According to the Fed's latest report, economic activity "rose slightly in most Districts", a clear improvement from the descriptions used in the previous months, and that "three regions exhibited modest or moderate growth that offset flat or slightly declining activity in two others." Employment levels were flat or up only slightly across districts and prices rose only at a modest pace across Federal Reserve districts.

Reading further, we find yet another indication of the Trump effect, namely that although growth in economic activity was generally small (thank Biden), expectations for growth rose moderately across most geographies and sectors (thanks Trump) and "business contacts expressed optimism that demand will rise in coming months."

Elsewhere, we find that consumer spending was "generally stable" although many consumer-oriented businesses across Districts noted further increases in price sensitivity among consumers, as well as several reports of increased sensitivity to quality. Among the negative aspects, spending on home furnishings was down, which contacts attributed to limited household mobility, while demand for mortgages was low overall, though reports on recent changes in home loan demand were mixed due to volatility in rates. Commercial real estate lending was similarly subdued.
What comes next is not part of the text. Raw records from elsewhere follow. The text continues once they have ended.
(* Let $G$ be a connected graph on $[n+1]$ such that $NC_G$ is graded. Then the max-min edge labeling is an $S_n$ EL-labeling of $NC_G$ if and only if $G$ is perfectly labeled.
   Context: Graphs are finite simple graphs with vertex set $[n+1]$; edges are written $ij$ with $i<j$. $G$ is perfectly labeled if whenever $ik,jk\in E(G)$ with $i<j<k$, also $ij\in E(G)$. A bond of $G$ is a spanning subgraph (identified with its edge set) each of whose connected components is an induced subgraph of $G$; it is noncrossing if there are no two distinct components with vertex sets $B,B'$ and $a,c\in B$, $b,d\in B'$, $a<b<c<d$. $NC_G$ is the poset of noncrossing bonds ordered by inclusion of edge sets. When $G$ is connected and $NC_G$ is graded, each cover $H\lessdot H'$ merges exactly two components (blocks) $B,B'$ of $H$ into one; the max-min edge labeling assigns to it the label $\max\{\min B,\min B'\}-1$. An EL-labeling: every interval has a unique maximal chain with strictly increasing labels, and it lexicographically precedes every other maximal chain of the interval. An $S_n$ EL-labeling is an EL-labeling of a poset of rank $n$ in which the labels along every maximal chain form a permutation of $[n]$ (with the natural order on $[n]$). *)

(* Vertices [n+1] = {1,...,n+1} are represented 0-indexed by 'I_n.+1
   (vertex k+1 of the paper is the ordinal k). *)
From mathcomp Require Import all_boot.
Set Implicit Arguments. Unset Strict Implicit. Unset Printing Implicit Defensive.

(* A graph G on 'I_n.+1 is a boolean relation (simple: symmetric, irreflexive).
   Subgraphs/bonds are identified with edge sets: sets of pairs (i,j) with i < j. *)
Notation edgeset n := {set 'I_n.+1 * 'I_n.+1}.

Definition Eset n (G : rel 'I_n.+1) : edgeset n :=
  [set p : 'I_n.+1 * 'I_n.+1 | (p.1 < p.2)%N && G p.1 p.2].

Definition hrel n (H : edgeset n) : rel 'I_n.+1 :=
  fun u v => ((u, v) \in H) || ((v, u) \in H).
Still, contacts generally reported financing remained available.

Turning to capital spending and purchases of raw materials, these were flat or declining in most Districts while sales of farm equipment were a notable headwind to overall investment activity, and several contacts expressed concerns about the future prices of equipment given ongoing weakness in the farm economy.

Energy activity in the oil and gas sector was flat but demand for electricity generation continued to grow at a robust rate. The rise in electricity demand was driven by rapid expansions in data centers and was reportedly planned to be met by investments in renewable generation capacity in coming years.
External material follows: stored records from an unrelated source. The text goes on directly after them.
(* Let $\Phi$ be a (crystallographic) root system with affine Weyl group $\widetilde W$, let $\Lambda=\langle\Phi^\vee\rangle$ be the coroot lattice, and let $T=\mathfrak h/\Lambda$, where $\mathfrak h$ is a Cartan subalgebra of the semisimple complex Lie algebra associated to $\Phi$. For each positive root $\alpha\in\Phi^+$ let $e^\alpha:T\to\mathbb C/\mathbb Z\cong\mathbb C^*$ be the character induced by $\alpha$. Then the toric arrangement $\mathcal T_{\widetilde W}=\{H_{e^\alpha}\mid \alpha\in\Phi^+\}$, $H_{e^\alpha}=\{t\in T\mid e^\alpha(t)=1\}$, is thick.
   Context: The universal covering is $\pi:\mathfrak h\to\mathfrak h/\Lambda=T$; its real part $\pi:V_{\mathbb R}\to T_{\mathbb R}$ and the associated periodic real affine arrangement $\mathcal A_{X,\mathbb R}$ (all real hyperplanes whose complexification maps onto some $H_{e^\alpha}$; here it is the arrangement of reflection hyperplanes of $\widetilde W$) are defined as usual. A chamber of $\mathcal A_{X,\mathbb R}$ is a connected component of the complement of its hyperplanes in $V_{\mathbb R}$. Definition: a toric arrangement is thick if $\pi$ is injective on the closure of every chamber of the associated real affine arrangement $\mathcal A_{X,\mathbb R}$. *)

From HB Require Import structures.
From mathcomp Require Import all_boot all_order all_algebra.
From mathcomp Require Import all_classical all_reals all_analysis.
Set Implicit Arguments. Unset Strict Implicit. Unset Printing Implicit Defensive.
Import Order.TTheory GRing.Theory Num.Theory.
Import numFieldNormedType.Exports.
Local Open Scope classical_set_scope.
Local Open Scope ring_scope.

Definition dotv (R : realType) (n : nat) (u v : 'rV[R]_n) : R := (u *m v^T) 0 0.

Definition cartan (R : realType) (n : nat) (b a : 'rV[R]_n) : R :=
  2 * dotv b a / dotv a a.

Definition coroot (R : realType) (n : nat) (a : 'rV[R]_n) : 'rV[R]_n :=
  (2 / dotv a a) *: a.

(* Phi (a finite list of vectors) is a reduced crystallographic root system
   spanning V_R = R^n (semisimple case: T = h / Lambda is a compact torus). *)
Definition is_root_system (R : realType) (n : nat) (Phi : seq 'rV[R]_n) : Prop :=
  [/\ (0 \notin Phi),
      (forall v : 'rV[R]_n, exists c : 'rV[R]_n -> R, v = \sum_(a <- Phi) c a *: a),
      (forall a b, a \in Phi -> b \in Phi -> b - cartan b a *: a \in Phi),
      (forall a b, a \in Phi -> b \in Phi -> exists k : int, cartan b a = k%:~R) &
      (forall a (c : R), a \in Phi -> c *: a \in Phi -> c = 1 \/ c = -1)].

Definition in_coroot_lattice (R : realType) (n : nat) (Phi : seq 'rV[R]_n)
    (v : 'rV[R]_n) : Prop :=
  exists c : 'rV[R]_n -> int, v = \sum_(a <- Phi) (c a)%:~R *: coroot a.

(* The associated periodic real affine arrangement A_{X,R}: all real hyperplanes
   {x | (a, x) = k}, a in Phi, k in Z (those mapping onto some H_{e^a}). *)
Definition arr_complement (R : realType) (n : nat) (Phi : seq 'rV[R]_n) : set 'rV[R]_n :=
  [set x | forall a, a \in Phi -> forall k : int, dotv a x != k%:~R].

Definition is_chamber (R : realType) (n : nat) (Phi : seq 'rV[R]_n)
    (C : set 'rV[R]_n) : Prop :=
  exists2 x, arr_complement Phi x & C = connected_component (arr_complement Phi) x.

(* pi : V_R -> T_R = V_R / Lambda; pi x = pi y iff x - y in Lambda.
   Thick: pi injective on the closure of every chamber. *)
Definition thick (R : realType) (n : nat) (Phi : seq 'rV[R]_n) : Prop :=
  forall C : set 'rV[R]_n, is_chamber Phi C ->
  forall x y, closure C x -> closure C y -> in_coroot_lattice Phi (x - y) -> x = y.

From HB Require Import structures.
From mathcomp Require Import all_boot all_order all_algebra.
From mathcomp Require Import all_classical all_reals all_analysis.
From mathcomp Require Import ring lra zify.
Set Implicit Arguments. Unset Strict Implicit. Unset Printing Implicit Defensive.
Import Order.TTheory GRing.Theory Num.Theory.
Import numFieldNormedType.Exports.
Local Open Scope classical_set_scope.
Local Open Scope ring_scope.

(* For every root a the linear form (a, -) is continuous, so it maps a chamber onto
   an interval containing no integer; hence the closure of a chamber lies in a slab
   k <= (a, x) <= k + 1, and the difference lam of two of its points satisfies
   |(a, lam)| <= 1 for all roots a.  If lam is in the coroot lattice, write it as a
   sum of coroots of roots b_1, ..., b_m.  When (b_1, b_j) < 0 for some j, either
   b_j = -b_1 and the two terms cancel, or b_1^v + b_j^v is again a coroot; both
   shorten the sum.
   Otherwise (b_1, lam) >= (b_1, b_1^v) = 2, which is impossible, so the sum is empty
   and lam = 0. *)

Section InnerProduct.
Variables (R : realType) (n : nat).
Implicit Types u v w : 'rV[R]_n.

Lemma dotvE u v : dotv u v = \sum_i u 0 i * v 0 i.
Proof. by rewrite /dotv mxE; apply: eq_bigr => i _; rewrite mxE. Qed.

Lemma dotvC u v : dotv u v = dotv v u.
Proof. by rewrite !dotvE; apply: eq_bigr => i _; rewrite mulrC. Qed.

Lemma dotvDr u v w : dotv u (v + w) = dotv u v + dotv u w.
Proof. by rewrite /dotv linearD mulmxDr mxE. Qed.

Lemma dotvZr u k v : dotv u (k *: v) = k * dotv u v.
Proof. by rewrite /dotv linearZ /= -scalemxAr mxE. Qed.

Lemma dotvNr u v : dotv u (- v) = - dotv u v.
Proof. by rewrite -scaleN1r dotvZr mulN1r. Qed.

Lemma dotvBr u v w : dotv u (v - w) = dotv u v - dotv u w.
Proof. by rewrite dotvDr dotvNr. Qed.

Lemma dotvZl u k v : dotv (k *: v) u = k * dotv v u.
Proof. by rewrite dotvC dotvZr dotvC. Qed.

Lemma dotvBl u v w : dotv (v - w) u = dotv v u - dotv w u.
Proof. by rewrite dotvC dotvBr !(dotvC u). Qed.

Lemma dotvNl u v : dotv (- v) u = - dotv v u.
Proof. by rewrite dotvC dotvNr dotvC. Qed.

Lemma dotv_sumr (I : Type) (s : seq I) (F : I -> 'rV[R]_n) u :
  dotv u (\sum_(i <- s) F i) = \sum_(i <- s) dotv u (F i).
Proof. by rewrite /dotv linear_sum mulmx_sumr summxE. Qed.

Lemma dotvvE u : dotv u u = \sum_i u 0 i ^+ 2.
Proof. by rewrite dotvE; under eq_bigr do rewrite -expr2. Qed.

Lemma dotvv_ge0 u : 0 <= dotv u u.
Proof. by rewrite dotvvE sumr_ge0 // => i _; rewrite sqr_ge0. Qed.

Lemma dotvv_eq0 u : (dotv u u == 0) = (u == 0).
Proof.
apply/idP/eqP => [|->]; last by rewrite dotvvE big1 // => i _; rewrite mxE expr0n.
rewrite dotvvE => /eqP /psumr_eq0P u0; apply/rowP => i; rewrite mxE.
by apply/eqP; rewrite -sqrf_eq0 u0 // => j _; exact: sqr_ge0.
Qed.

Lemma dotv_continuous u : continuous (dotv u).
Proof.
rewrite (_ : dotv u = fun v => \sum_i u 0 i * v 0 i); last by apply/funext => v; rewrite dotvE.
apply: continuous_big => [|i _ v]; first exact: add_continuous.
by apply: continuousM; [exact: cst_continuous | exact: coord_continuous].
Qed.
End InnerProduct.

Lemma int_free_interval_sub_floor (R : realType) (S : set R) r :
  is_interval S -> S r -> (forall z (m : int), S z -> z != m%:~R) ->
  S `<=` [set z | (Num.floor r)%:~R <= z <= (Num.floor r)%:~R + 1].
Proof.
move=> iS Sr noint z Sz /=; set k := Num.floor r.
have rk : k%:~R < r by rewrite lt_neqAle floor_le eq_sym noint.
have rk1 : r < k%:~R + 1 by have := floorD1_gt r; rewrite intrD.
apply/andP; split; rewrite leNgt; apply/negP => zk.
  have Sk : S k%:~R by apply: (iS z r) => //; rewrite !ltW.
  by have /eqP := noint _ k Sk.
have Sk1 : S (k + 1)%:~R by apply: (iS r z) => //; rewrite intrD !ltW.
by have /eqP := noint _ (k + 1) Sk1.
Qed.

Lemma chamber_closure_slab (R : realType) n (Phi : seq 'rV[R]_n) C a :
  is_chamber Phi C -> a \in Phi ->
  exists k : int, forall z, closure C z -> k%:~R <= dotv a z <= k%:~R + 1.
Proof.
move=> [x0 Ax0 ->{C}] aPhi; set C := connected_component _ x0.
have CPhi : C `<=` arr_complement Phi by exact: connected_component_sub.
have iC : is_interval (dotv a @` C).
  apply/connected_intervalP/connected_continuous_connected.
    exact: component_connected.
  exact/continuous_subspaceT/dotv_continuous.
have /= slabC := int_free_interval_sub_floor iC (imageP _ (connected_component_refl Ax0)).
exists (Num.floor (dotv a x0)) => z; set k := Num.floor _.
have slab_closed : closed [set z | k%:~R <= dotv a z <= k%:~R + 1].
  rewrite (_ : [set z | _] = dotv a @^-1` [set r | k%:~R <= r] `&`
                            dotv a @^-1` [set r | r <= k%:~R + 1]).
    by apply: closedI; apply: closed_comp => [? _|];
      [exact: dotv_continuous | exact: closed_ge | exact: dotv_continuous | exact: closed_le].
  by apply/seteqP; split => ? /= /andP.
have C_slab : C `<=` [set z | k%:~R <= dotv a z <= k%:~R + 1].
  move=> w Cw; apply: (slabC _ (dotv a w)); last by exists w.
  by move=> _ m [v Cv <-]; exact: CPhi.
by move=> /(closureS C_slab); rewrite -(closure_id _).1.
Qed.

Section Coroots.
Variables (R : realType) (n : nat).
Implicit Types a b : 'rV[R]_n.

Lemma cartanvv a : a != 0 -> cartan a a = 2.
Proof. by rewrite -dotvv_eq0 /cartan => a0; field. Qed.

Lemma dotv_coroot b a : dotv b (coroot a) = cartan b a.
Proof. by rewrite /coroot dotvZr /cartan mulrAC. Qed.

Lemma corootN a : coroot (- a) = - coroot a.
Proof. by rewrite /coroot dotvNl dotvNr opprK scalerN. Qed.

Lemma coroot_reflect a b : a != 0 -> b != 0 ->
  coroot (b - cartan b a *: a) = coroot b - cartan a b *: coroot a.
Proof.
rewrite -!dotvv_eq0 /coroot => a0 b0.
have -> : dotv (b - cartan b a *: a) (b - cartan b a *: a) = dotv b b.
  by rewrite !(dotvBl, dotvBr, dotvZl, dotvZr) (dotvC a b) /cartan; field.
rewrite /cartan scalerBr !scalerA (dotvC a b).
by congr (_ *: _ - _ *: _); field; apply/andP.
Qed.

Lemma dotv_coroot_sum_ge2 b bs : b != 0 -> (forall c, c \in bs -> 0 <= dotv b c) ->
  2 <= dotv b (\sum_(c <- b :: bs) coroot c).
Proof.
move=> b0 bs_acute; rewrite big_cons dotvDr dotv_coroot cartanvv // lerDl dotv_sumr.
rewrite big_seq sumr_ge0 // => c cbs; rewrite dotv_coroot /cartan.
by rewrite divr_ge0 ?mulr_ge0 ?bs_acute ?dotvv_ge0.
Qed.

End Coroots.

Section RootSystem.
Variables (R : realType) (n : nat) (Phi : seq 'rV[R]_n).
Hypothesis Phi_root_system : is_root_system Phi.
Implicit Types a b : 'rV[R]_n.

Lemma root_neq0 a : a \in Phi -> a != 0.
Proof. by case: Phi_root_system => Phi0 _ _ _ _; apply: contraTneq => ->. Qed.

Lemma dotv_root_gt0 a : a \in Phi -> 0 < dotv a a.
Proof. by move/root_neq0; rewrite lt_def dotvv_eq0 dotvv_ge0 andbT. Qed.

Lemma rootN a : a \in Phi -> - a \in Phi.
Proof.
case: Phi_root_system => _ _ reflect_closed _ _ aPhi.
have := reflect_closed a a aPhi aPhi.
by rewrite cartanvv ?root_neq0 // scaler_nat mulr2n opprD addNKr.
Qed.

Lemma dotv_roots_sqr_lt a b : a \in Phi -> b \in Phi -> b != a -> b != - a ->
  dotv a b ^+ 2 < dotv a a * dotv b b.
Proof.
move=> aPhi bPhi nba nbNa; set A := dotv a a; set B := dotv b b; set D := dotv a b.
have B0 : B != 0 by rewrite dotvv_eq0 root_neq0.
set w := B *: a - D *: b.
have ww : dotv w w = B * (A * B - D ^+ 2).
  by rewrite /w !(dotvBl, dotvBr, dotvZl, dotvZr) (dotvC b a) -/A -/B -/D; ring.
have disc_ge0 : 0 <= A * B - D ^+ 2.
  by have := dotvv_ge0 w; rewrite ww pmulr_rge0 // dotv_root_gt0.
rewrite -subr_gt0 lt_def disc_ge0 andbT; apply/eqP => disc0.
have : B *: a - D *: b == 0 by rewrite -dotvv_eq0 -/w ww disc0 mulr0.
rewrite subr_eq0 => /eqP BaDb.
have ab : a = (D / B) *: b.
  by apply: (scalerI B0); rewrite BaDb scalerA mulrCA mulfV ?mulr1.
case: Phi_root_system => _ _ _ _ reduced.
rewrite ab in aPhi nba nbNa.
have [e|e] := reduced b (D / B) bPhi aPhi; move: nba nbNa; rewrite e.
  by rewrite scale1r eqxx.
by rewrite scaleN1r opprK eqxx.
Qed.

Lemma coroot_add_obtuse a b : a \in Phi -> b \in Phi -> dotv a b < 0 -> b != - a ->
  exists2 c, c \in Phi & coroot a + coroot b = coroot c.
Proof.
move=> aPhi bPhi ab_lt0 nbNa.
have Apos := dotv_root_gt0 aPhi; have Bpos := dotv_root_gt0 bPhi.
have nba : b != a by apply: contraTneq ab_lt0 => ->; rewrite -leNgt ltW.
have cs := dotv_roots_sqr_lt aPhi bPhi nba nbNa.
case: Phi_root_system => _ _ reflect_closed integral _.
have [p eabp] := integral b a bPhi aPhi; have [q ebaq] := integral a b aPhi bPhi.
have p_lt0 : p < 0.
  by rewrite -(ltr_int R) -eabp /cartan pmulr_llt0 ?invr_gt0 // pmulr_rlt0.
have q_lt0 : q < 0.
  by rewrite -(ltr_int R) -ebaq /cartan (dotvC b a) pmulr_llt0 ?invr_gt0 // pmulr_rlt0.
(* [<a,b^v> <b,a^v> = 4 (a,b)^2 / ((a,a)(b,b)) < 4], so one of the two negative integers is -1. *)
have pq_lt4 : p * q < 4.
  rewrite -(ltr_int R) intrM -eabp -ebaq /cartan (dotvC b a).
  have -> : 2 * dotv a b / dotv b b * (2 * dotv a b / dotv a a) =
            4 * (dotv a b ^+ 2 / (dotv a a * dotv b b)).
    by field; rewrite !lt0r_neq0.
  by rewrite -[X in _ < X]mulr1 ltr_pM2l // ltr_pdivrMr ?mul1r ?mulr_gt0.
have [p1|q1] : p = -1 \/ q = -1 by lia.
  exists (b - cartan b a *: a); first exact: reflect_closed.
  by rewrite coroot_reflect ?root_neq0 // eabp p1 scaleN1r opprK addrC.
exists (a - cartan a b *: b); first exact: reflect_closed.
by rewrite coroot_reflect ?root_neq0 // ebaq q1 scaleN1r opprK.
Qed.

Lemma coroot_sum_eq0 bs : all (mem Phi) bs ->
  (forall a, a \in Phi -> `|dotv a (\sum_(b <- bs) coroot b)| <= 1) ->
  \sum_(b <- bs) coroot b = 0.
Proof.
elim: {bs}(size bs).+1 {-2}bs (ltnSn (size bs)) => // m IH [|b bs] /=.
  by rewrite big_nil.
rewrite ltnS => size_bs /andP [bPhi bsPhi] small.
have [/hasP [c cbs bc_lt0] | /hasPn bs_not_obtuse] := boolP (has (fun c => dotv b c < 0) bs).
  have cPhi : c \in Phi := allP bsPhi c cbs.
  have remPhi : all (mem Phi) (rem c bs) by apply/allP => x /mem_rem; exact: allP.
  have size_bs_rem : size bs = (size (rem c bs)).+1 by rewrite (perm_size (perm_to_rem cbs)).
  have esum : \sum_(x <- b :: bs) coroot x =
              coroot b + coroot c + \sum_(x <- rem c bs) coroot x.
    by rewrite big_cons (perm_big _ (perm_to_rem cbs)) big_cons addrA.
  rewrite esum in small *; have [cNb|ncNb] := eqVneq c (- b).
    have bc0 : coroot b + coroot c = 0 by rewrite cNb corootN subrr.
    rewrite bc0 add0r in small *; apply: IH => //.
    by apply: leq_trans size_bs; rewrite size_bs_rem leqnSn.
  have [d dPhi bcd] := coroot_add_obtuse bPhi cPhi bc_lt0 ncNb.
  rewrite bcd in small *; have := IH (d :: rem c bs); rewrite big_cons.
  by apply; rewrite /= -?size_bs_rem ?dPhi.
have bs_acute c : c \in bs -> 0 <= dotv b c by move/bs_not_obtuse; rewrite -leNgt.
exfalso; have := small b bPhi; have := dotv_coroot_sum_ge2 (root_neq0 bPhi) bs_acute.
by have := ler_norm (dotv b (\sum_(c <- b :: bs) coroot c) : R); lra.
Qed.

Lemma intr_scale_coroot_sum (k : int) a : a \in Phi ->
  exists2 bs, all (mem Phi) bs & k%:~R *: coroot a = \sum_(b <- bs) coroot b.
Proof.
move=> aPhi; case: k => m.
  exists (nseq m a); first by apply/allP => _ /nseqP [->].
  by rewrite big_nseq iter_addr_0 scaler_nat.
exists (nseq m.+1 (- a)); first by apply/allP => _ /nseqP [-> _]; exact: rootN.
by rewrite big_nseq iter_addr_0 NegzE intrN scaleNr scaler_nat corootN mulNrn.
Qed.

Lemma coroot_lattice_coroot_sum v : in_coroot_lattice Phi v ->
  exists2 bs, all (mem Phi) bs & v = \sum_(b <- bs) coroot b.
Proof.
case=> c ->.
suff coroot_combination_sum s : all (mem Phi) s -> exists2 bs, all (mem Phi) bs &
    \sum_(a <- s) (c a)%:~R *: coroot a = \sum_(b <- bs) coroot b.
  by apply/coroot_combination_sum/allP.
elim: s => [|a s IH] /=; first by exists [::]; rewrite ?big_nil.
case/andP => /(intr_scale_coroot_sum (c a)) [bs1 bs1Phi e1] /IH [bs2 bs2Phi e2].
by exists (bs1 ++ bs2); rewrite ?all_cat ?bs1Phi // big_cons big_cat e1 e2.
Qed.

End RootSystem.

Theorem mainTheorem4 (R : realType) (n : nat) (Phi : seq 'rV[R]_n) :
  is_root_system Phi -> thick Phi.
Proof.
move=> Phi_rs C chamberC x y Cx Cy /(coroot_lattice_coroot_sum Phi_rs) [bs bsPhi exy].
apply/subr0_eq; rewrite exy; apply: (coroot_sum_eq0 Phi_rs) => // a aPhi.
have [k slab] := chamber_closure_slab chamberC aPhi.
have /andP [kx xk] := slab x Cx; have /andP [ky yk] := slab y Cy.
by rewrite -exy dotvBr ler_norml; apply/andP; split; lra.
Qed.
Some more details from the Beige Book, starting with Labor Markets:

  • Employment levels were flat or up only slightly across Districts.
  • Hiring activity was subdued as worker turnover remained low and few firms reported increasing their headcount.
  • The level of layoffs was also reportedly low. Contacts indicated they expected employment to remain steady or rise slightly over the next year, but many were cautious in their optimism about any pickup in hiring activity.
  • Wage growth softened to a modest pace across most Districts, as did expectations for wage growth in coming months.
  • Job growth and wage growth for entry-level positions and skilled trades were an exception, rising robustly and expected to grow further through next year.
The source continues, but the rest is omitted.